• [Brief]
Return the following from the records below: each line, word for word, starting with the line that contains "tnth s' i| <= 1." and going on through the line that contains "k)%N) tnth s i.", with nothing outside that range.

[[ Provided records open ]]

(* Let $\varepsilon,\delta\ge0$, $\alpha\ge0$, $p\in[0,1]$. Suppose $\mathcal M$ is an $(\varepsilon,\delta)$-DP mechanism for offline prefix-sum estimation on inputs $s\in\mathbb R^n$ that outputs $(a^1,\dots,a^n)$ with $\max_{k\in[n]}|a^k-\sum_{i=1}^k s_i|\le\alpha$ with probability at least $p$. Then the mechanism that, given a frequency vector $f\in\mathbb N^n$, sorts $f$ in non-increasing order to obtain $s$ and outputs $\mathcal M(s)$ is $(\varepsilon,\delta)$-DP for static $\textsc{TopK}$, and with probability at least $p$ its output satisfies $|a^k-\|f\|_{\mathrm{top}\text{-}k}|\le\alpha$ for all $k\in[n]$.
   Context: Offline prefix-sum estimation: input $s=(s_1,\dots,s_n)\in\mathbb R^n$, output estimates $a^k$ of $\sum_{i\le k}s_i$ for all $k\in[n]$; inputs $s,s'$ are neighboring if $\|s-s'\|_1\le1$. Static $\textsc{TopK}$: input a frequency vector $f\in\mathbb N^n$ (of a set of updates given up front); output estimates of $\|f\|_{\mathrm{top}\text{-}k}=\sum_{i=1}^kf_{\sigma(i)}$ for all $k\in[n]$, where $\sigma$ sorts $f$ in non-increasing order; two frequency vectors are neighboring if they agree in all coordinates except one, where they differ by exactly $1$. $(\varepsilon,\delta)$-DP: $\Pr[\mathcal A(x)\in S]\le e^\varepsilon\Pr[\mathcal A(y)\in S]+\delta$ for neighbors $x,y$ and all output sets $S$. *)

From HB Require Import structures.
From mathcomp Require Import all_boot all_order all_algebra all_fingroup.
From mathcomp Require Import all_classical all_reals all_analysis.
Set Implicit Arguments. Unset Strict Implicit. Unset Printing Implicit Defensive.
Import Order.TTheory GRing.Theory Num.Theory.
Local Open Scope ring_scope.
Local Open Scope classical_set_scope.

(* A randomized mechanism with inputs in X and outputs in R^n (n-tuples of
   reals, with the product Borel sigma-algebra) is a map from inputs to
   probability distributions on outputs. *)
Definition mechanism (R : realType) (X : Type) (n : nat) :=
  X -> probability (n.-tuple R) R.

Definition DP (R : realType) (X : Type) (n : nat) (nbr : X -> X -> Prop)
    (M : mechanism R X n) (eps delta : R) : Prop :=
  forall x y, nbr x y -> forall S : set (n.-tuple R), measurable S ->
    (M x S <= (expR eps)%:E * M y S + delta%:E)%E.

Definition prefix_nbr (R : realType) (n : nat) (s s' : n.-tuple R) : Prop :=
  \sum_(i < n) `|tnth s i - tnth s' i| <= 1.

Definition freq_nbr (n : nat) (f f' : n.-tuple nat) : Prop :=
  exists j : 'I_n, (forall i : 'I_n, i != j -> tnth f i = tnth f' i) /\
    (tnth f j = (tnth f' j).+1 \/ tnth f' j = (tnth f j).+1).

(* prefix sum  sum_{i <= k} s_i  (0-based index k, i.e. the paper's k+1) *)
Definition prefix_sum (R : realType) (n : nat) (s : n.-tuple R) (k : 'I_n) : R :=
  \sum_(i < n | (i <= k)%N) tnth s i.

Definition sorts_noninc (n : nat) (f : n.-tuple nat) (sigma : 'S_n) : bool :=
  [forall i : 'I_n, forall j : 'I_n,
     (i <= j)%N ==> (tnth f (sigma j) <= tnth f (sigma i))%N].

(* ||f||_{top-(k+1)} = sum_{i <= k} f_{sigma(i)} for a sorting permutation
   sigma (one always exists; the value does not depend on the choice). *)
Definition topk (n : nat) (f : n.-tuple nat) (k : 'I_n) : nat :=
  if [pick sigma : 'S_n | sorts_noninc f sigma] is Some sigma
  then \sum_(i < n | (i <= k)%N) tnth f (sigma i) else 0%N.

Definition sort_vec (R : realType) (n : nat) (f : n.-tuple nat) : n.-tuple R :=
  [tuple ((nth 0%N (sort geq f) i)%:R : R) | i < n].

From HB Require Import structures.
From mathcomp Require Import all_boot all_order all_algebra all_fingroup.
From mathcomp Require Import all_classical all_reals all_analysis.
Set Implicit Arguments. Unset Strict Implicit. Unset Printing Implicit Defensive.
Import Order.TTheory GRing.Theory Num.Theory.
Local Open Scope ring_scope.
Local Open Scope classical_set_scope.

(* Sorting sends neighbouring frequency vectors to neighbouring prefix-sum
   inputs, so the DP guarantee transfers verbatim.  If f' is f with one
   coordinate raised by 1, then f <= f' pointwise; sorting is monotone, so the
   sorted vectors are also ordered pointwise and their l1 distance telescopes
   to the difference of the totals, which is 1.  Accuracy transfers because
   the prefix sums of the sorted vector are the top-k norms. *)

Lemma geq_trans : transitive geq. Proof. exact: rev_trans leq_trans. Qed.
Lemma geq_total : total geq. Proof. by move=> m n; exact: leq_total. Qed.
Lemma geq_anti : antisymmetric geq.
Proof. by move=> m n; rewrite andbC; exact: anti_leq. Qed.

(* In a non-increasing sequence, the entries at least v form a prefix. *)
Lemma sorted_geq_nthE (a : seq nat) (v i : nat) :
  sorted geq a -> (i < size a)%N -> (v <= nth 0 a i)%N = (i < count (leq v) a)%N.
Proof.
move=> sa lt_i_a.
have nth_le j k : (j <= k < size a)%N -> (nth 0 a k <= nth 0 a j)%N.
  move=> /andP[le_jk lt_ka].
  by apply: (sorted_leq_nth geq_trans leqnn 0 sa) => //; rewrite inE (leq_ltn_trans le_jk).
have size_take_i : size (take i a) = i by rewrite size_takel // ltnW.
rewrite -[in RHS](cat_take_drop i a) count_cat (drop_nth 0 lt_i_a) /=.
case: (leqP v (nth 0 a i)) => [le_v_ai | lt_ai_v].
  have -> : count (leq v) (take i a) = i.
    apply/eqP; rewrite -[X in _ == X]size_take_i -all_count.
    apply/(all_nthP 0) => j; rewrite size_take_i => lt_ji.
    by rewrite nth_take // (leq_trans le_v_ai) // nth_le // ltnW.
  by rewrite /= add1n addnS ltnS leq_addr.
have -> : count (leq v) (drop i.+1 a) = 0%N.
  apply/eqP; rewrite -leqn0 leqNgt -has_count; apply/(has_nthP 0) => -[j].
  rewrite size_drop nth_drop ltn_subRL => lt_ja.
  by rewrite leqNgt (leq_ltn_trans (nth_le i _ _) lt_ai_v) // lt_ja andbT ltnW // leq_addr.
by rewrite addn0 /= addn0 ltnNge -[X in (_ <= X)%N]size_take_i count_size.
Qed.

Lemma count_leq_mono (v : nat) (s t : seq nat) : size s = size t ->
  (forall i, nth 0 s i <= nth 0 t i)%N -> (count (leq v) s <= count (leq v) t)%N.
Proof.
elim: s t => [|x s IHs] [|y t] //= [size_st] le_st.
apply: leq_add; last by apply: IHs => // i; exact: (le_st i.+1).
by case: (leqP v x) => //= le_vx; rewrite (leq_trans le_vx (le_st 0%N)).
Qed.

Lemma sort_geq_mono (s t : seq nat) : size s = size t ->
  (forall i, nth 0 s i <= nth 0 t i)%N ->
  forall i, (nth 0 (sort geq s) i <= nth 0 (sort geq t) i)%N.
Proof.
move=> size_st le_st i.
case: (ltnP i (size s)) => [lt_i_s | le_s_i]; last by rewrite nth_default ?size_sort.
have [sorted_s sorted_t] := (sort_sorted geq_total s, sort_sorted geq_total t).
rewrite sorted_geq_nthE ?size_sort -?size_st // count_sort.
apply: leq_trans _ (count_leq_mono _ size_st le_st).
by rewrite -(count_sort geq) -sorted_geq_nthE ?size_sort.
Qed.

Lemma sum_nth_sort (leT : rel nat) (n : nat) (f : n.-tuple nat) :
  (\sum_(i < n) nth 0 (sort leT f) i = \sum_(i < n) tnth f i)%N.
Proof.
transitivity (\sum_(x <- sort leT f) x)%N.
  by rewrite (big_nth 0) big_mkord size_sort size_tuple.
by rewrite (perm_big _ (permEl (perm_sort leT f))) big_tuple.
Qed.

Lemma sort_vec_l1_dist (R : realType) (n : nat) (f f' : n.-tuple nat) :
  (forall i, tnth f i <= tnth f' i)%N ->
  \sum_(i < n) `|tnth (sort_vec R f) i - tnth (sort_vec R f') i| =
    (\sum_(i < n) tnth f' i)%:R - (\sum_(i < n) tnth f i)%:R.
Proof.
move=> le_ff'.
have le_sorted i : (nth 0 (sort geq f) i <= nth 0 (sort geq f') i)%N.
  apply: sort_geq_mono; first by rewrite !size_tuple.
  move=> j; case: (ltnP j n) => [lt_jn | le_nj]; last by rewrite nth_default ?size_tuple.
  by rewrite -!(tnth_nth 0 _ (Ordinal lt_jn)).
under eq_bigr do rewrite !tnth_mktuple distrC ger0_norm ?subr_ge0 ?ler_nat //.
by rewrite sumrB -!natr_sum !sum_nth_sort.
Qed.

Lemma prefix_nbr_sym (R : realType) (n : nat) (s s' : n.-tuple R) :
  prefix_nbr s s' -> prefix_nbr s' s.
Proof. by rewrite /prefix_nbr; under eq_bigr do rewrite distrC. Qed.

Lemma sort_vec_incr_nbr (R : realType) (n : nat) (f f' : n.-tuple nat) (j : 'I_n) :
  (forall i, i != j -> tnth f i = tnth f' i) -> tnth f' j = (tnth f j).+1 ->
  prefix_nbr (sort_vec R f) (sort_vec R f').
Proof.
move=> eq_off f'j.
have le_ff' i : (tnth f i <= tnth f' i)%N.
  by case: (eqVneq i j) => [-> | /eq_off ->]; rewrite ?f'j.
have sum_f' : (\sum_(i < n) tnth f' i = (\sum_(i < n) tnth f i).+1)%N.
  rewrite (bigD1 j) //= [in RHS](bigD1 j) //= f'j addSn.
  by congr (_ + _).+1%N; apply: eq_bigr => i /eq_off ->.
by rewrite /prefix_nbr sort_vec_l1_dist // sum_f' -natr1 addrAC subrr add0r.
Qed.

Lemma freq_nbr_sort_vec (R : realType) (n : nat) (f f' : n.-tuple nat) :
  freq_nbr f f' -> prefix_nbr (sort_vec R f) (sort_vec R f').
Proof.
move=> [j [eq_off [fj | f'j]]]; last exact: sort_vec_incr_nbr eq_off f'j.
have eq_off' i : i != j -> tnth f' i = tnth f i by move/eq_off.
exact/prefix_nbr_sym/(sort_vec_incr_nbr R eq_off' fj).
Qed.

Lemma sorts_noninc_sort (n : nat) (f : n.-tuple nat) (sigma : 'S_n) :
  sorts_noninc f sigma -> [tuple tnth f (sigma i) | i < n] = sort geq f :> seq nat.
Proof.
move=> /forallP sorts.
apply: (sorted_eq geq_trans geq_anti _ (sort_sorted geq_total f)); last first.
  by rewrite perm_sym perm_sort perm_sym; apply/tuple_permP; exists sigma.
have nth_sigma (m : 'I_n) : nth 0%N [tuple tnth f (sigma i) | i < n] m = tnth f (sigma m).
  by rewrite -tnth_nth tnth_mktuple.
rewrite sorted_pairwise; last exact: geq_trans.
apply/(pairwiseP 0) => a b; rewrite !inE size_tuple => lt_an lt_bn lt_ab.
rewrite (nth_sigma (Ordinal lt_an)) (nth_sigma (Ordinal lt_bn)).
by move: (sorts (Ordinal lt_an)) => /forallP /(_ (Ordinal lt_bn)) /implyP; apply; exact: ltnW.
Qed.

Lemma exists_sorts_noninc (n : nat) (f : n.-tuple nat) :
  exists sigma : 'S_n, sorts_noninc f sigma.
Proof.
have [sigma sort_f] := tuple_permP (permEl (perm_sort geq f)).
exists sigma; apply/forallP => i; apply/forallP => j; apply/implyP => le_ij.
have nth_sort m : tnth f (sigma m) = nth 0 (sort geq f) m.
  by rewrite sort_f -tnth_nth tnth_mktuple.
rewrite (nth_sort i) (nth_sort j).
apply: (sorted_leq_nth geq_trans leqnn 0 (sort_sorted geq_total f)) => //.
all: by rewrite inE size_sort size_tuple.
Qed.

Lemma topk_sort (n : nat) (f : n.-tuple nat) (k : 'I_n) :
  topk f k = (\sum_(i < n | (i <= k)%N) nth 0 (sort geq f) i)%N.
Proof.
rewrite /topk; case: pickP => [sigma sorts | no_sort]; last first.
  by have [sigma] := exists_sorts_noninc f; rewrite no_sort.
apply: eq_bigr => i _.
by rewrite -(sorts_noninc_sort sorts) -tnth_nth tnth_mktuple.
Qed.

Lemma prefix_sum_sort_vec (R : realType) (n : nat) (f : n.-tuple nat) (k : 'I_n) :
  prefix_sum (sort_vec R f) k = (topk f k)%:R.
Proof.
rewrite topk_sort natr_sum; apply: eq_bigr => i _; exact: tnth_mktuple.
Qed.

Theorem mainTheorem16 (R : realType) (n : nat) (eps delta alpha p : R)
  (M : mechanism R (n.-tuple R) n) :
  0 <= eps -> 0 <= delta -> 0 <= alpha -> 0 <= p <= 1 ->
  DP (@prefix_nbr R n) M eps delta ->
  (forall s : n.-tuple R,
     (p%:E <= M s [set a : n.-tuple R | forall k : 'I_n,
                              (`|tnth a k - prefix_sum s k| <= alpha)%R])%E) ->
  DP (@freq_nbr n) (fun f => M (sort_vec R f)) eps delta /\
  (forall f : n.-tuple nat,
     (p%:E <= M (sort_vec R f) [set a : n.-tuple R | forall k : 'I_n,
                              (`|tnth a k - (topk f k)%:R| <= alpha)%R])%E).
Proof.
move=> _ _ _ _ dpM accM; split.
  by move=> f f' /(freq_nbr_sort_vec R) /dpM.
move=> f; have := accM (sort_vec R f).
by under eq_set do under eq_forall do rewrite prefix_sum_sort_vec.
Qed.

[[ Provided records closed ]]

• [Result]
  \sum_(i < n) `|tnth s i - tnth s' i| <= 1.

Definition freq_nbr (n : nat) (f f' : n.-tuple nat) : Prop :=
  exists j : 'I_n, (forall i : 'I_n, i != j -> tnth f i = tnth f' i) /\
    (tnth f j = (tnth f' j).+1 \/ tnth f' j = (tnth f j).+1).

(* prefix sum  sum_{i <= k} s_i  (0-based index k, i.e. the paper's k+1) *)
Definition prefix_sum (R : realType) (n : nat) (s : n.-tuple R) (k : 'I_n) : R :=
  \sum_(i < n | (i <= k)%N) tnth s i.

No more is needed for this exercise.